Acquisition is an accretive, scale-enhancing bolt-on that materially raises stable cash flow while preserving leverage guidance.

Acquiring Stakeholder for $1.25 billion adds an estimated $200 million of annual unlevered adjusted free cash flow, long-term acreage dedications of ~170,000 acres, ~480 miles of gas pipeline and ~180 MMcf/d of processing and treating capacity, including CCUS activity producing 45Q tax credits. The deal expands gathering and processing scale in the Permian and complements existing sour gas treating and CCUS capabilities.

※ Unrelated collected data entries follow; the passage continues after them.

Lemma hilb_ends m : let u := gap m in let ev := odd m in exists H,
  hilb rat m = [:: start_pt u (1, 1), start_pt u (swap_if ev (1, 3)) &
                H ++ [:: end_pt u (swap_if ev (1, 3)); end_pt u (1, 1)]].
Proof.
elim: m => [|m [H IHm]] /=; first by exists [::]; apply/eqP; vm_compute.
set a := start_pt _ _ in IHm; set b := start_pt _ _ in IHm.
set c := end_pt _ _ in IHm; set d := end_pt _ _ in IHm.
exists (map (@f1 rat) (H ++ [:: c; d]) ++ map (@f2 rat) (hilb rat m) ++
        map (@f3 rat) (hilb rat m) ++
        map (@f4 rat) [:: a, b & H]).
rewrite {1 4}IHm /= !map_cat -!catA /= /a /b /c /d.
by rewrite gapS !f1_start !f4_end !swap_swap_if.
Qed.

(* For m >= 1, the three inflection points following the first vertex of
   H_(m+1) are [head_turns (odd m) (gap m)]; the three preceding its last vertex
   are their mirror images [tail_turns (odd m) (gap m)]. *)
Definition turn_offsets ev : seq (pt rat) :=
  [:: swap_if ev (1, 3); (3, 3); swap_if ev (3, 1)].
Definition head_turns ev u := map (start_pt u) (turn_offsets ev).
Definition tail_turns ev u := map (end_pt u) (rev (turn_offsets ev)).

Lemma f1_head_turns ev u :
  map (@f1 rat) (head_turns ev u) = head_turns (~~ ev) (u / 2).
Proof. by rewrite /head_turns -map_comp; case: ev; rewrite /= !f1_start. Qed.

Lemma f4_tail_turns ev u :
  map (@f4 rat) (tail_turns ev u) = tail_turns (~~ ev) (u / 2).
Proof. by rewrite /tail_turns -map_comp; case: ev; rewrite /= !f4_end. Qed.

Definition junction ev u (f g : pt rat -> pt rat) :=
  joint (start_pt u (1, 1)) (start_pt u (swap_if ev (1, 3)))
        (end_pt u (swap_if ev (1, 3))) (end_pt u (1, 1)) f g.

(* The inflection points around the junction of the copies [f] and [g]; its
   windows are exactly the windows straddling that junction. *)
Definition seam ev u (f g : pt rat -> pt rat) :=
  map f (tail_turns ev u) ++ junction ev u f g ++ map g (head_turns ev u).

Lemma seam_scale f g ev u : affine f -> affine g -> f (1, 0) = g (0, 0) -> u != 0 ->
  seam ev u f g = map (homothety (g (0, 0)) u) (seam ev 1 f g).
Proof.
move=> f_aff g_aff fg u0; set h := homothety _ u.
have h_col := affine_collinear (homothety_affine (g (0, 0)) u0).
have fE d : f (end_pt u d) = h (f (end_pt 1 d)).
  by rewrite end_ptE (affine_homothety f_aff) fg.
have gE d : g (start_pt u d) = h (g (start_pt 1 d)).
  by rewrite start_ptE (affine_homothety g_aff).
have hK p y z : kept (h p) (h y) (Some (h z)) = map h (kept p y (Some z)).
  exact: (kept_map h_col p y (Some z)).
rewrite /seam /junction /joint /head_turns /tail_turns !map_cat -!map_comp.
rewrite !fE !gE !hK; congr (_ ++ _ ++ _); apply: eq_map => d /=; by rewrite ?fE ?gE.
Qed.

Lemma seam_scale_curvatures f g ev u ks : affine f -> affine g ->
  f (1, 0) = g (0, 0) -> u != 0 ->
  zigzag_curvatures (windows (seam ev 1 f g)) ks ->
  zigzag_curvatures (windows (seam ev u f g)) ks.
Proof.
move=> f_aff g_aff fg u0; have h_aff := homothety_affine (g (0, 0)) u0.
by rewrite (seam_scale _ f_aff g_aff fg u0) (affine_zigzag_curvatures h_aff).
Qed.

Definition seam_letters ev := if ev then (LS, LT, LU) else (LU, LV, LS).

Lemma seams_ok ev u : u != 0 -> let: (l1, l2, l3) := seam_letters ev in
  [/\ zigzag_curvatures (windows (seam ev u (@f1 rat) (@f2 rat))) (numstring rat l1),
      zigzag_curvatures (windows (seam ev u (@f2 rat) (@f3 rat))) (numstring rat l2) &
      zigzag_curvatures (windows (seam ev u (@f3 rat) (@f4 rat))) (numstring rat l3)].
Proof.
move=> u0; have [a1 a2 a3 a4] := pieces_affine.
have j12 : f1 (1, 0) = f2 (0, 0) :> pt rat by apply/eqP; vm_compute.
have j23 : f2 (1, 0) = f3 (0, 0) :> pt rat by apply/eqP; vm_compute.
have j34 : f3 (1, 0) = f4 (0, 0) :> pt rat by apply/eqP; vm_compute.
by case: ev; split; apply: seam_scale_curvatures; try assumption; vm_compute.
Qed.

Definition four_copies ev u (M : seq (pt rat)) :=
  map (@f1 rat) M ++ junction ev u (@f1 rat) (@f2 rat) ++
  map (@f2 rat) M ++ junction ev u (@f2 rat) (@f3 rat) ++
  map (@f3 rat) M ++ junction ev u (@f3 rat) (@f4 rat) ++ map (@f4 rat) M.

Lemma infl_hilbS m M :
  infl (hilb rat m) = start_pt (gap m) (1, 1) :: M ++ [:: end_pt (gap m) (1, 1)] ->
  infl (hilb rat m.+1) =
    start_pt (gap m.+1) (1, 1) ::
    four_copies (odd m) (gap m) M ++ [:: end_pt (gap m.+1) (1, 1)].
Proof.
have [H hilbE] := hilb_ends m; have [a1 a2 a3 a4] := pieces_affine.
rewrite {1}hilbE => /infl_polygon_inj ->.
rewrite [hilb _ _]/= hilbE.
rewrite infl_four_copies; try exact: affine_collinear.
by rewrite gapS f1_start f4_end /four_copies /junction -!catA.
Qed.

Lemma four_copiesE ev u Mid :
  four_copies ev u (head_turns ev u ++ Mid ++ tail_turns ev u) =
  head_turns (~~ ev) (u / 2) ++
    (map (@f1 rat) Mid ++ seam ev u (@f1 rat) (@f2 rat) ++
     map (@f2 rat) Mid ++ seam ev u (@f2 rat) (@f3 rat) ++
     map (@f3 rat) Mid ++ seam ev u (@f3 rat) (@f4 rat) ++ map (@f4 rat) Mid) ++
  tail_turns (~~ ev) (u / 2).
Proof. by rewrite /four_copies /seam !map_cat f1_head_turns f4_tail_turns -!catA. Qed.

Lemma four_copies_curvatures ev u Mid ks : u != 0 ->
  let M := head_turns ev u ++ Mid ++ tail_turns ev u in
  zigzag_curvatures (windows M) ks ->
  let: (l1, l2, l3) := seam_letters ev in
  zigzag_curvatures (windows (four_copies ev u M))
    (ks ++ numstring rat l1 ++ ks ++ numstring rat l2 ++ ks ++ numstring rat l3 ++ ks).
Proof.
move=> u0 M M_ok; have [a1 a2 a3 a4] := pieces_affine.
have := seams_ok ev u0; case: seam_letters => [[l1 l2] l3] [s12 s23 s34].
rewrite /four_copies windows_four_blocks ?size_map //.
have copy_ok g : affine g -> zigzag_curvatures (windows (map g M)) ks.
  by move=> g_aff; rewrite (affine_zigzag_curvatures g_aff).
move: (copy_ok _ a1) (copy_ok _ a2) (copy_ok _ a3) (copy_ok _ a4) => c1 c2 c3 c4.
by do 6 apply: zigzag_curvatures_cat => //.
Qed.

Definition body n : seq rat := flatten (map (numstring rat) (K n)).

Lemma body_step m : let: (l1, l2, l3) := seam_letters (odd m.+1) in
  body m.+3 = body m.+2 ++ numstring rat l1 ++ body m.+2 ++ numstring rat l2 ++
              body m.+2 ++ numstring rat l3 ++ body m.+2.
Proof.
rewrite /body /K !subSS !subn0 /=.
by case: (odd m); rewrite /=; repeat rewrite (map_cat, flatten_cat) /=.
Qed.

(* [hilb m] is H_(m+1), whose curvature sequence is [1 :: body m.+1 ++ [:: 1]]. *)
Definition turns_invariant m := exists Mid,
  let u := gap m in let M := head_turns (odd m) u ++ Mid ++ tail_turns (odd m) u in
  infl (hilb rat m) = start_pt u (1, 1) :: M ++ [:: end_pt u (1, 1)] /\
  zigzag_curvatures (windows M) (body m.+1).

Lemma turns_invariant1 : turns_invariant 1.
Proof.
by exists (take 6 (drop 4 (infl (hilb rat 1)))); split; [apply/eqP|]; vm_compute.
Qed.

Lemma turns_invariantS m : turns_invariant m.+1 -> turns_invariant m.+2.
Proof.
move=> [Mid [inflE M_ok]].
have := four_copies_curvatures (gap_neq0 m.+1) M_ok; have := body_step m.
case: seam_letters => [[l1 l2] l3] bodyE copies_ok.
have := infl_hilbS inflE; rewrite four_copiesE -gapS -oddS => inflE'.
rewrite four_copiesE -gapS -oddS -bodyE in copies_ok.
by eexists; split; [exact: inflE' | exact: copies_ok].
Qed.

Lemma turns_invariant_all m : turns_invariant m.+1.
Proof. by elim: m => [|m IHm]; [exact: turns_invariant1 | exact: turns_invariantS]. Qed.

Lemma caps_curvatures ev u : u != 0 ->
  zigzag_curvatures (windows (start_pt u (1, 1) :: head_turns ev u)) [:: 1] /\
  zigzag_curvatures (windows (tail_turns ev u ++ [:: end_pt u (1, 1)])) [:: 1].
Proof.
move=> u0; have h_aff o := homothety_affine o u0.
have startE l : map (start_pt u) l = map (homothety (0, 0) u) (map (start_pt 1) l).
  by rewrite -map_comp; apply: eq_map => d; exact: start_ptE.
have endE l : map (end_pt u) l = map (homothety (1, 0) u) (map (end_pt 1) l).
  by rewrite -map_comp; apply: eq_map => d; exact: end_ptE.
rewrite -[_ :: head_turns ev u]/(map (start_pt u) ((1, 1) :: turn_offsets ev)).
rewrite /tail_turns -[[:: end_pt u _]]/(map (end_pt u) [:: (1, 1)]) -map_cat.
rewrite startE endE !(affine_zigzag_curvatures (h_aff _)).
by case: ev; split; vm_compute.
Qed.

Lemma hilb_curvatures m :
  zigzag_curvatures (windows (infl (hilb rat m.+1))) (expected rat m.+2).
Proof.
have [Mid [-> M_ok]] := turns_invariant_all m.
have [cap1 cap2] := caps_curvatures (odd m.+1) (gap_neq0 m.+1).
rewrite -[_ :: _]/([:: _] ++ _) -!catA windows_link ?size_map //.
rewrite -[expected _ _]/([:: 1] ++ body m.+2 ++ [:: 1]).
by apply: zigzag_curvatures_cat cap1 _; apply: zigzag_curvatures_cat.
Qed.

End HilbertCurve.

Key dependencies and risks include customary closing and regulatory approvals and integration execution; management states minimal capital and integration needs and expects limited impact to pro forma leverage, remaining within its 3.0 to 4.0 times target range. Watch closing timing in Q1 2026, the realized run-rate of the disclosed $200 million adjusted free cash flow after close, and any regulatory conditions that could alter expected cash flow or timing.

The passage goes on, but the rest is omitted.